Definition pairing (v : seq int) (k : nat) : int :=
  v`_0 * cartan 0 k + v`_1 * cartan 1 k + v`_2 * cartan 2 k +
  v`_3 * cartan 3 k + v`_4 * cartan 4 k + v`_5 * cartan 5 k.

Definition zform (u v : seq int) : int :=
  u`_0 * pairing v 0 + u`_1 * pairing v 1 + u`_2 * pairing v 2 +
  u`_3 * pairing v 3 + u`_4 * pairing v 4 + u`_5 * pairing v 5.

Definition unitv (k : nat) : seq int := mk6 (fun i => (i == k)%:R).

(* A matrix [F] stands for the map [x |-> x + \sum_k <x, alpha_k> F_k]. *)
Definition compose_refl (r : seq int) (F : seq (seq int)) : seq (seq int) :=
  mk6 (fun k => let Fk := nth [::] F k in let c := r`_k + zform Fk r in
    mk6 (fun i => Fk`_i - c * r`_i)).

Definition word_matrix (w : seq (seq int)) : seq (seq int) :=
  foldr compose_refl (mk6 (fun=> mk6 (fun=> 0))) w.

(* [tbar] pairs to 1 with alpha_1 and to 0 with the other simple roots, so the word [w]
   maps [tbar] to [tbar] plus the vector with coordinates [lambda_coord w], and
   [lambda_pairing o r] is the pairing of [tbar + o] with [r]. *)
Definition lambda_coord (w : seq (seq int)) : seq int := nth [::] (word_matrix w) 0.

Definition lambda_pairings (w : seq (seq int)) : seq int :=
  map (pairing (lambda_coord w)) (iota 0 6).

Definition lambda_pairing (o r : seq int) : int := r`_0 + zform o r.

(* The positive roots are the vectors of norm 2 below the highest root. *)
Fixpoint box (bs : seq nat) : seq (seq int) :=
  if bs is b :: bs' then [seq x%:R :: v | x <- iota 0 b.+1, v <- box bs'] else [:: [::]].

Definition pos_roots : seq (seq int) :=
  [seq v <- box [:: 1; 2; 2; 3; 2; 1]%N | zform v v == 2].

(* A breadth-first search of the orbit of [tbar], keeping one word in the simple
   reflections for each point of the orbit, together with its coordinates; the minimal
   coset representatives have length at most 16. *)
Definition refl_simple_lambda (o : seq int) (k : nat) : seq int :=
  mk6 (fun i => o`_i - lambda_pairing o (unitv k) * (unitv k)`_i).

Definition extend_orbit (orb : seq (seq (seq int) * seq int)) :=
  foldl (fun acc wo => foldl (fun acc k =>
      let o := refl_simple_lambda wo.2 k in
      if o \in map snd acc then acc else rcons acc (unitv k :: wo.1, o))
    acc (iota 0 6)) orb orb.

Definition coset_words : seq (seq (seq int)) :=
  map fst (iter 16 extend_orbit [:: ([::], mk6 (fun=> 0))]).

Definition coset_word (p : nat) : seq (seq int) := nth [::] coset_words p.

Definition simple_image (F : seq (seq int)) (j : nat) : seq int :=
  mk6 (fun i => (unitv j)`_i + pairing (mk6 (fun k => (nth [::] F k)`_i)) j).

Definition mul_simple (F : seq (seq int)) (j : nat) : seq (seq int) :=
  mk6 (fun k => if k == j then mk6 (fun i => (nth [::] F j)`_i - (simple_image F j)`_i)
                else nth [::] F k).

(* Right descent in W(D5): multiply by the reflection in a simple root of D5 sent to a
   negative root, as long as there is one.  Its output is only a candidate, certified in
   [schreier_entry]; 20 is the length of the longest element of W(D5). *)
Fixpoint d5_reduce (n : nat) (F : seq (seq int)) : seq nat :=
  if n is n'.+1 then
    if [seq j <- iota 1 5 | has (fun x => x < 0) (simple_image F j)] is j :: _
    then j :: d5_reduce n' (mul_simple F j) else [::]
  else [::].

Definition d5_word (u : seq nat) : bool := all (fun k => 0 < k < 6)%N u.

(* The identity sigma_r W_p = W_q u with u in W(D5), where W_q is the coset word with the
   same image of [tbar] as r :: W_p. *)
Definition schreier_entry (ws : seq (seq (seq int))) (ls : seq (seq int))
    (p : nat) (r : seq int) : bool :=
  let w := r :: nth [::] ws p in
  let q := index (lambda_coord w) ls in
  let u := rev (d5_reduce 20 (word_matrix (rev (nth [::] ws q) ++ w))) in
  [&& (q < 27)%N, d5_word u & word_matrix w == word_matrix (nth [::] ws q ++ map unitv u)].

(* [ws] and [rs] are parameters so that [vm_compute] evaluates [coset_words] only once. *)
Definition schreier_check (ws : seq (seq (seq int))) (rs : seq (seq int)) : bool :=
  let ls := map lambda_coord ws in all (fun p => all (schreier_entry ws ls p) rs) (iota 0 27).

Lemma pos_rootsP : all (fun r => (zform r r == 2) && all (>= 0) r) pos_roots.
Proof. by vm_compute. Qed.

Lemma coset_wordsP : [&& size coset_words == 27%N, coset_word 0 == [::] &
  all (all (fun r => r \in map unitv (iota 0 6))) coset_words].
Proof. by vm_compute. Qed.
========================================================================
* **What the task asks**
Using only the listing above, restate exactly the lines from the line containing "Fixpoint box (bs" through the line containing "Fixpoint d5_reduce (n", both included.

* **Result of the exercise**
Fixpoint box (bs : seq nat) : seq (seq int) :=
  if bs is b :: bs' then [seq x%:R :: v | x <- iota 0 b.+1, v <- box bs'] else [:: [::]].

Definition pos_roots : seq (seq int) :=
  [seq v <- box [:: 1; 2; 2; 3; 2; 1]%N | zform v v == 2].

(* A breadth-first search of the orbit of [tbar], keeping one word in the simple
   reflections for each point of the orbit, together with its coordinates; the minimal
   coset representatives have length at most 16. *)
Definition refl_simple_lambda (o : seq int) (k : nat) : seq int :=
  mk6 (fun i => o`_i - lambda_pairing o (unitv k) * (unitv k)`_i).

Definition extend_orbit (orb : seq (seq (seq int) * seq int)) :=
  foldl (fun acc wo => foldl (fun acc k =>
      let o := refl_simple_lambda wo.2 k in
      if o \in map snd acc then acc else rcons acc (unitv k :: wo.1, o))
    acc (iota 0 6)) orb orb.

Definition coset_words : seq (seq (seq int)) :=
  map fst (iter 16 extend_orbit [:: ([::], mk6 (fun=> 0))]).

Definition coset_word (p : nat) : seq (seq int) := nth [::] coset_words p.

Definition simple_image (F : seq (seq int)) (j : nat) : seq int :=
  mk6 (fun i => (unitv j)`_i + pairing (mk6 (fun k => (nth [::] F k)`_i)) j).

Definition mul_simple (F : seq (seq int)) (j : nat) : seq (seq int) :=
  mk6 (fun k => if k == j then mk6 (fun i => (nth [::] F j)`_i - (simple_image F j)`_i)
                else nth [::] F k).

(* Right descent in W(D5): multiply by the reflection in a simple root of D5 sent to a
   negative root, as long as there is one.  Its output is only a candidate, certified in
   [schreier_entry]; 20 is the length of the longest element of W(D5). *)
Fixpoint d5_reduce (n : nat) (F : seq (seq int)) : seq nat :=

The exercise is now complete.